Insurance and reinsurance companies must comply with the solvency capital requirements of the Insurance Regulation Act aiming to guarantee that they are in a position to meet any obligations arising from the conduct of business.
Companies must calculate their solvency capital requirement on the assumption that they will carry out business as a going concern.

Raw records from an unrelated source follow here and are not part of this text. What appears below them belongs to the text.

Lemma run_ok_explore (x : input n) (s : seq 'I_n) (A S : {set 'I_n}) :
  sorted (fun a b : 'I_n => a < b) s ->
  (forall e, e \in A -> x e) ->
  (forall e, e \notin s -> open_edge x e -> e \in S) ->
  (forall e, e \notin s -> open_edge x e -> x e -> e \in A) ->
  run_ok f (explore s A) x S.
Proof.
elim: s A S => [|e s IH] A S s_sorted Ax openS openA /=.
  by rewrite determined_of_open // => e'; apply: openS.
have lt_trans : transitive (fun a b : 'I_n => a < b) by move=> b a c; apply: ltn_trans.
have e_min : all (fun e' : 'I_n => e < e') s by apply: order_path_min lt_trans s_sorted.
have earlier (e' : 'I_n) : e' < e -> e' \notin e :: s.
  move=> e'e; rewrite inE negb_or; apply/andP; split; first by rewrite neq_ltn e'e.
  by apply/negP => /(allP e_min) ee'; have := ltn_trans e'e ee'; rewrite ltnn.
have later (e' : 'I_n) : e' != e -> e' \notin s -> e' \notin e :: s.
  by move=> ne; rewrite inE negb_or ne.
have {}s_sorted := path_sorted s_sorted.
rewrite (reach_known_eq Ax (fun e' e'e => openA e' (earlier e' e'e))).
case: (boolP (open_edge x e)) => [open_e|closed_e]; last first.
  apply: IH => // e' e's; case: (eqVneq e' e) => [->|ne]; rewrite ?(negbTE closed_e) //.
    by apply: openS; apply: later.
  by apply: openA; apply: later.
apply/orP; right; case: (boolP (x e)) => xe; apply: IH => // e'.
- by rewrite !inE => /orP[/eqP->|/Ax].
- by rewrite !inE => e's open_e'; case: (eqVneq e' e) => //= ne; apply: openS; rewrite ?later.
- by rewrite !inE => e's open_e' xe'; case: (eqVneq e' e) => //= ne; apply: openA; rewrite ?later.
- by rewrite !inE => e's open_e'; case: (eqVneq e' e) => //= ne; apply: openS; rewrite ?later.
- move=> e's open_e' xe'; case: (eqVneq e' e) => [ee|ne]; first by rewrite -ee xe' in xe.
  by apply: openA; rewrite ?later.
Qed.

Definition explore_tree : dtree n := explore (enum 'I_n) finset.set0.

Lemma explore_tree_valid : valid_tree f explore_tree.
Proof.
move=> x; apply: run_ok_explore => [|e|e|e]; rewrite ?mem_enum ?inE //.
by have := iota_ltn_sorted 0 n; rewrite -val_enum_ord sorted_map.
Qed.

End Exploration.
Local Open Scope ring_scope.

Lemma run_cost_ge0 (R : realType) (n : nat) (f : input n -> bool) (c : 'I_n -> R)
    (t : dtree n) (x : input n) (S : {set 'I_n}) :
  (forall i, 0 <= c i) -> 0 <= run_cost f c t x S.
Proof.
move=> c0; elim: t S => [|e t0 IH0 t1 IH1] S /=; first by case: determined.
by case: determined => //; rewrite addr_ge0 //; case: (x e).
Qed.

Lemma run_cost_explore_le (R : realType) (d : nat) (x : input (nedges d))
    (s : seq 'I_(nedges d)) (A S : {set 'I_(nedges d)}) :
  (forall e, e \in A -> x e) ->
  run_cost (@binary_tree_fun d) (fun _ => 1 : R) (explore s A) x S <=
  \sum_(e <- s) (open_edge x e : bool)%:R.
Proof.
elim: s A S => [|e s IH] A S Ax /=; first by rewrite big_nil; case: determined.
have rest_ge0 : 0 <= \sum_(e <- s) (open_edge x e : bool)%:R :> R by rewrite sumr_ge0.
rewrite big_cons; case: (boolP (reach d (known A) (top_node e))) => [Ae|_]; last first.
  by apply: le_trans (IH A S Ax) _; rewrite lerDr.
rewrite /= (open_of_known Ax Ae).
case: determined; first by rewrite addr_ge0.
rewrite /= mulr1n lerD2l; case: (boolP (x e)) => xe; last exact: IH.
by apply: IH => e'; rewrite !inE => /orP[/eqP->|/Ax].
Qed.

Lemma prob_open_edge (R : realType) (d : nat) (q : R) (e : 'I_(nedges d)) : (0 < d)%N ->
  \sum_(x : input (nedges d)) prob (fun _ => q) x * (open_edge x e : bool)%:R =
  q ^+ trunc_log 2 (top_node e).
Proof.
move=> d_gt0; have elt := top_node_lt e.
have e0 : (0 < top_node e)%N by rewrite /top_node divn_gt0 // addn2.
have /andP[e1 _] := trunc_log_bounds (ltnSn 1) e0.
rewrite -(card_path_edges d_gt0 e1 elt) -sum_prob_all_ones; apply: eq_bigr => x _.
by rewrite /open_edge reach_path_edges.
Qed.

(* Level [j] of the tree has [2^(j+1)] edges hanging from nodes of depth [j]. *)
Lemma sum_exp_depth (R : realType) (q : R) (D : nat) :
  \sum_(0 <= e < nedges D) q ^+ trunc_log 2 ((e + 2) %/ 2) = \sum_(j < D) (2 ^ j.+1)%:R * q ^+ j.
Proof.
rewrite /nedges; elim: D => [|D IH]; first by rewrite big_ord0 big_geq.
rewrite big_ord_recr /= -IH.
have D2 : (2 <= 2 ^ D.+1)%N by rewrite -[2%N]expn1 leq_exp2l.
have D12 : (2 ^ D.+1 - 2 <= 2 ^ D.+2 - 2)%N by rewrite leq_sub2r // leq_exp2l.
rewrite (big_cat_nat (leq0n _) D12) /=; congr (_ + _).
rewrite (eq_big_nat _ _ (F2 := fun _ => q ^+ D)); last first.
  move=> e /andP[e1 e2]; congr (_ ^+ _); apply: trunc_log_eq => //.
  rewrite leq_divRL // ltn_divLR // -!expnSr; apply/andP; split.
    by move: e1; rewrite expnS; lia.
  by move: e2; rewrite !expnS; lia.
by rewrite sumr_const_nat mulr_natl; congr (_ *+ _); rewrite !expnS; lia.
Qed.

Lemma sum_exp_le (R : realType) (r : R) (D : nat) :
  1 < r -> \sum_(j < D) r ^+ j <= r ^+ D / (r - 1).
Proof.
move=> r1; rewrite ler_pdivlMr ?subr_gt0 // mulrC -subrX1.
by rewrite lerBlDr lerDl.
Qed.

Lemma cost_explore_tree_le (R : realType) (d : nat) (q : R) : (0 < d)%N -> 1 / 2 < q -> q <= 1 ->
  cost_adaptive (@binary_tree_fun d) (fun _ => 1) (fun _ => q) (explore_tree d) <=
  2 * (2 * q) ^+ d / (2 * q - 1).
Proof.
move=> d_gt0 q_gt q_le1; have q01 : 0 <= q <= 1 by apply/andP; split; lra.
apply: le_trans (_ : \sum_(x : input (nedges d)) prob (fun _ => q) x *
    \sum_(e <- enum 'I_(nedges d)) (open_edge x e : bool)%:R <= _).
  apply: ler_sum => x _; apply: ler_wpM2l; first exact: prob_ge0.
  by apply: run_cost_explore_le => e; rewrite inE.
under eq_bigr do rewrite big_distrr /=.
rewrite exchange_big /= big_enum /=.
under eq_bigr do rewrite prob_open_edge //.
rewrite -(big_mkord xpredT (fun e => q ^+ trunc_log 2 ((e + 2) %/ 2))) sum_exp_depth.
have -> : \sum_(j < d) (2 ^ j.+1)%:R * q ^+ j = 2 * \sum_(j < d) (2 * q) ^+ j.
  by rewrite big_distrr /=; apply: eq_bigr => j _; rewrite exprMn natrX exprS; ring.
by rewrite -mulrA ler_pM2l; [apply: sum_exp_le; lra | lra].
Qed.

Lemma cost_adaptive_ge0 (R : realType) (n : nat) (f : input n -> bool) (p : 'I_n -> R)
    (t : dtree n) :
  (forall i, 0 <= p i <= 1) -> 0 <= cost_adaptive f (fun _ => 1) p t.
Proof. by move=> p01; apply: sumr_ge0 => x _; rewrite mulr_ge0 ?prob_ge0 ?run_cost_ge0. Qed.

Lemma OPT_A_ge0 (R : realType) (n : nat) (f : input n -> bool) (p : 'I_n -> R) :
  (forall i, 0 <= p i <= 1) -> (exists t, valid_tree f t) -> 0 <= OPT_A f (fun _ => 1) p.
Proof.
move=> p01 [t t_valid]; apply: lb_le_inf; first by exists (cost_adaptive f (fun _ => 1) p t), t.
by move=> _ [t' [_ ->]]; apply: cost_adaptive_ge0.
Qed.

Lemma OPT_A_le (R : realType) (d : nat) (q : R) : (0 < d)%N -> 1 / 2 < q -> q <= 1 ->
  OPT_A (@binary_tree_fun d) (fun _ => 1) (fun _ => q) <= 2 * (2 * q) ^+ d / (2 * q - 1).
Proof.
move=> d_gt0 q_gt q_le1; have q01 : 0 <= q <= 1 by apply/andP; split; lra.
apply: le_trans (cost_explore_tree_le d_gt0 q_gt q_le1).
apply: ge_inf; last by exists (explore_tree d); split => //; apply: explore_tree_valid.
by exists 0 => _ [t [_ ->]]; apply: cost_adaptive_ge0.
Qed.

Lemma powR_nedges_le (R : realType) (eps : R) (d : nat) : 0 < eps -> (0 < d)%N ->
  (nedges d)%:R `^ (1 - 2 * eps / ln 2) <= 2 * (2 ^ d)%:R / ((1 + eps) ^+ d) ^+ 2.
Proof.
move=> eps_gt0 d_gt0; set T : R := (2 ^ d)%:R; set m : R := (nedges d)%:R.
have T_gt0 : 0 < T by rewrite /T ltr0n expn_gt0.
have Tm : T <= m by rewrite /T /m ler_nat exp2_le_nedges.
have m2T : m <= 2 * T by rewrite /T /m -natrM ler_nat nedges_le.
have ln2 : 0 < ln (2 : R) by rewrite ln_gt0 // ltr1n.
have m_gt0 : 0 < m by apply: lt_le_trans Tm.
have lnT : ln T = d%:R * ln 2 by rewrite /T natrX lnXn // mulr_natl.
have ln_m_le : ln m <= ln (2 * T) by rewrite ler_ln // posrE // mulr_gt0.
have ln_m_ge : ln T <= ln m by rewrite ler_ln // posrE.
have exponent_le : (1 - 2 * eps / ln 2) * ln m <= ln (2 * T) - 2 * eps * d%:R.
  have : 2 * eps / ln 2 * ln T <= 2 * eps / ln 2 * ln m.
    by rewrite ler_pM2l // divr_gt0 // mulr_gt0.
  have -> : 2 * eps / ln 2 * ln T = 2 * eps * d%:R by rewrite lnT; field; lra.
  by rewrite mulrBl mul1r; lra.
rewrite /powR (negbTE (lt0r_neq0 m_gt0)).
apply: le_trans (_ : expR (ln (2 * T) - 2 * eps * d%:R) <= _); first by rewrite ler_expR.
rewrite expRB lnK ?posrE ?mulr_gt0 // ler_pdivlMr ?exprn_gt0 ?ltr_pwDl //; last lra.
rewrite mulrAC ler_pdivrMr ?expR_gt0 // ler_pM2l ?mulr_gt0 //.
have -> : 2 * eps * d%:R = eps * (d * 2)%:R by rewrite natrM; ring.
rewrite -exprM expRM_natr; apply: lerXn2r; rewrite ?nnegrE; [lra | exact: expR_ge0 |].
exact: expR_ge1Dx.
Qed.

Lemma combine_bounds (R : realType) (eps T P X OA ON : R) :
  0 < eps -> eps <= 1 / 2 -> 0 < T -> 0 < P ->
  0 <= X -> X <= 2 * T / P ^+ 2 -> 0 <= OA -> OA <= 2 * P / eps ->
  eps ^+ 2 * T / ((1 + eps) ^+ 2 * P) <= ON -> 1 / 9 * eps ^+ 3 * X * OA <= ON.
Proof.
move=> eps_gt0 eps_le T_gt0 P_gt0 X0 X_le OA0 OA_le ON_ge; apply: le_trans ON_ge.
have c0 : 0 <= 1 / 9 * eps ^+ 3 by rewrite mulr_ge0 ?exprn_ge0 //; lra.
apply: le_trans (_ : 1 / 9 * eps ^+ 3 * (2 * T / P ^+ 2) * (2 * P / eps) <= _).
  by apply: ler_pM => //; [rewrite mulr_ge0 | rewrite ler_wpM2l].
set K := eps ^+ 2 * T / P; have K_gt0 : 0 < K by rewrite divr_gt0 ?mulr_gt0 ?exprn_gt0.
have -> : 1 / 9 * eps ^+ 3 * (2 * T / P ^+ 2) * (2 * P / eps) = 4 / 9 * K.
  by rewrite /K; field; apply/andP; split; apply/eqP; lra.
have -> : eps ^+ 2 * T / ((1 + eps) ^+ 2 * P) = K / (1 + eps) ^+ 2.
  by rewrite /K; field; apply/andP; split; apply/eqP; rewrite ?expf_neq0 //; lra.
have sq : (1 + eps) ^+ 2 <= 9 / 4 by rewrite expr2; nra.
by rewrite ler_pdivlMr ?exprn_gt0 ?ltr_pwDl //; nra.
Qed.

Theorem theorem6 :
  exists c0 : Rdefinitions.R, 0 < c0 /\
  forall (eps : Rdefinitions.R) (d : nat), 0 < eps -> eps <= 1 / 2 -> (1 <= d)%N ->
    let n := nedges d in
    let f := @binary_tree_fun d in
    let c := fun _ : 'I_n => (1 : Rdefinitions.R) in
    let p := fun _ : 'I_n => (1 + eps) / 2 in
    OPT_N f c p >=
      c0 * eps ^+ 3 * ((n%:R : Rdefinitions.R) `^ (1 - 2 * eps / ln 2)) * OPT_A f c p.
Proof.
exists (1 / 9); split; first lra.
move=> eps d eps_gt0 eps_le d_gt0; cbv zeta.
have q_gt : 1 / 2 < (1 + eps) / 2 by lra.
have q_le1 : (1 + eps) / 2 <= 1 by lra.
have q01 : 0 <= (1 + eps) / 2 <= 1 by apply/andP; split; lra.
have twice_q : 2 * ((1 + eps) / 2) = 1 + eps by field.
have gap : 2 * ((1 + eps) / 2) - 1 = eps by field.
apply: (combine_bounds eps_gt0 eps_le _ _ (powR_ge0 _ _) (powR_nedges_le eps_gt0 d_gt0)
  (OPT_A_ge0 (fun _ => q01) (ex_intro _ _ (explore_tree_valid d_gt0)))).
- by rewrite ltr0n expn_gt0.
- by apply: exprn_gt0; lra.
- by move: (OPT_A_le d_gt0 q_gt q_le1); rewrite gap twice_q.
- apply: le_trans (OPT_N_ge d_gt0 q_gt q_le1); rewrite gap natrX !expr_div_n.
  rewrite le_eqVlt; apply/orP; left; apply/eqP.
  by field; rewrite !expf_neq0 //; lra.
Qed.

They must also take into account all quantifiable risks that they are exposed to, cover existing business and business to be written in the following 12 months, and correspond to the value-at-risk of the basic own funds of an insurance or reinsurance undertaking subject to a confidence level of 85 per cent over a one-year period.

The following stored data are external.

Lemma binom_weight_gt0 i : 0 < binom_weight i.
Proof.
rewrite /binom_weight; case: ifP => // _.
by rewrite divr_gt0 ?binom_dev_sqr_gt0 // exprn_gt0 // K_gt0.
Qed.

Lemma binom_weight_le i : binom_weight i <= 1 + binom_dev i ^+ 2 / K ^+ 2.
Proof.
have : 0 <= binom_dev i ^+ 2 / K ^+ 2 by rewrite divr_ge0 ?sqr_ge0.
by rewrite /binom_weight; case: ifP => _; lra.
Qed.

Lemma binom_weight_sym i : (i <= n)%N -> binom_weight (n - i) = binom_weight i.
Proof.
move=> le_in; rewrite /binom_weight orbC binom_dev_sqr_sym //.
have n_eq := n_half_eq.
by rewrite (_ : _ || _ = (i + s <= m)%N || (m + s < i)%N) //; congr orb; apply/idP/idP; lia.
Qed.

Lemma inv_binom_weight_le i : (binom_weight i)^-1 <=
  clamp_primitive K (i.+1%:R - m%:R - 1) - clamp_primitive K (i%:R - m%:R - 1).
Proof.
have K_pos := K_gt0.
rewrite -natr1 (_ : i%:R + 1 - m%:R - 1 = i%:R - m%:R); last by ring.
have dev_i : binom_dev i = (i%:R - m%:R) - 1 / 2 by rewrite /binom_dev natr_half_eq; field.
rewrite /binom_weight; case: ifP => [outer|/negbT].
  rewrite invf_div dev_i; apply: clamp_primitive_diff_tail => //.
  case/orP: outer => [le_ims|lt_msi]; [left|right].
    by move: le_ims; rewrite -(ler_nat R) natrD; lra.
  by move: lt_msi; rewrite -addn1 -(ler_nat R) !natrD; lra.
rewrite negb_or -!ltnNge => /andP [lt_m_is le_i_ms].
move: lt_m_is le_i_ms; rewrite -addn1 -!(ler_nat R) !natrD => lt_m_is le_i_ms.
by rewrite invr1 clamp_primitive_diff_mid //; lra.
Qed.

Lemma sum_inv_binom_weight_le : \sum_(i < n.+1) (binom_weight i)^-1 <= 4 * K.
Proof.
pose u k := clamp_primitive K (k%:R - m%:R - 1).
apply: le_trans (_ : \sum_(i < n.+1) (u i.+1 - u i) <= _).
  by apply: ler_sum => i _; exact: inv_binom_weight_le.
rewrite -(big_mkord xpredT (fun i => u i.+1 - u i)) telescope_sumr //.
have := clamp_primitive_bound (n.+1%:R - m%:R - 1) K_gt0.
have := clamp_primitive_bound (0%:R - m%:R - 1) K_gt0.
rewrite /u; lra.
Qed.
(* Let $P$ be a $d$-dimensional convex polytope and let $O$ be an acyclic orientation of its graph $G_P$. Then $$f^O \;\geq\; \sum_{v \in V_P} \bigl|\{F \text{ a nonempty face of } P : v \text{ is a sink of } G_F \text{ with respect to } O\}\bigr| \;\geq\; \sum_{i=0}^d f_i(P),$$ where $f_i(P)$ is the number of $i$-dimensional faces of $P$.
   Context: The graph $G_P=(V_P,E_P)$ of a polytope $P$ has vertex set the vertices of $P$, with $v_i,v_j$ adjacent iff some $1$-dimensional face of $P$ contains both. For a face $F$, $G_F$ is the graph of $F$ (a subgraph of $G_P$), oriented by restricting $O$. For an orientation $O$ of a graph $G=(V,E)$, $f^O:=\sum_{v\in V}2^{\operatorname{indeg}(v)}$, where $\operatorname{indeg}$ is the in-degree with respect to $O$. A sink of a graph with respect to an orientation is a vertex all of whose incident edges are oriented towards it. *)

From HB Require Import structures.
From mathcomp Require Import all_boot all_order all_algebra.
From mathcomp Require Import boolp.
Set Implicit Arguments. Unset Strict Implicit. Unset Printing Implicit Defensive.
Import Order.TTheory GRing.Theory Num.Theory.

Local Open Scope ring_scope.

(* A polytope P = conv { p t | t : T } in R^n, where T is a finite index type
   of its vertices (p injective, every p t a vertex).  A face of P is
   determined by its vertex set; U : {set T} is the vertex set of a face iff
   U = { t | c . p t = b } for some valid inequality c . x <= b of P
   (c = 0, b = 0 gives P itself; c = 0, b = 1 the empty face). *)

Section Polytope.
Variables (R : realFieldType) (n : nat) (T : finType) (p : T -> 'rV[R]_n).

Definition dotp (c x : 'rV[R]_n) : R := \sum_(i < n) c 0 i * x 0 i.

Definition is_face (U : {set T}) : Prop :=
  exists (c : 'rV[R]_n) (b : R),
    (forall t, dotp c (p t) <= b) /\ (forall t, (t \in U) = (dotp c (p t) == b)).

Definition is_faceb (U : {set T}) : bool := `[< is_face U >].

(* rank of the homogenized vertex vectors (p t, 1), t in U;
   the affine dimension of the face with vertex set U is hrank U - 1. *)
Definition hrank (U : {set T}) : nat :=
  \rank (\matrix_(i < #|T|)
           (if enum_val i \in U then row_mx (p (enum_val i)) (const_mx 1 : 'rV[R]_1)
            else 0)).

Definition face_dim (U : {set T}) : nat := (hrank U).-1.

Definition adj (u v : T) : bool :=
  (u != v) && `[< exists U : {set T}, [/\ is_face U, face_dim U = 1%N, u \in U & v \in U] >].

Definition f_num (i : nat) : nat :=
  #|[set U : {set T} | [&& is_faceb U, U != set0 & face_dim U == i]]|.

As to minimum capital requirements, the Insurance Regulation Act introduces the following minimum thresholds (depending on the type of license):
- €2,500,000 for non-life insurers, including captive insurance undertakings (unless such companies insure risks in classes 10 to 15. in which case the minimum capital requirement amounts to €3.7 million);
- €3,700,000 for life insurers, including captive insurance undertakings;
- €3,600,000 for reinsurance companies (with the exception of captive reinsurers for which the amount is limited to €1,200,000); and
- €6,200,000 for insurance undertakings with a single license for both life and non-life authorised on or before 1 January 1981 (or €7,400,000 in case such companies also cover risks in classes 10 to 15).
The minimum capital requirement shall neither fall below 25 per cent nor exceed 45 per cent of the respective solvency capital requirement, including any capital add-on imposed by the Bank of Greece. Minimum capital requirements must be measured and reported to the Bank of Greece at least quarterly.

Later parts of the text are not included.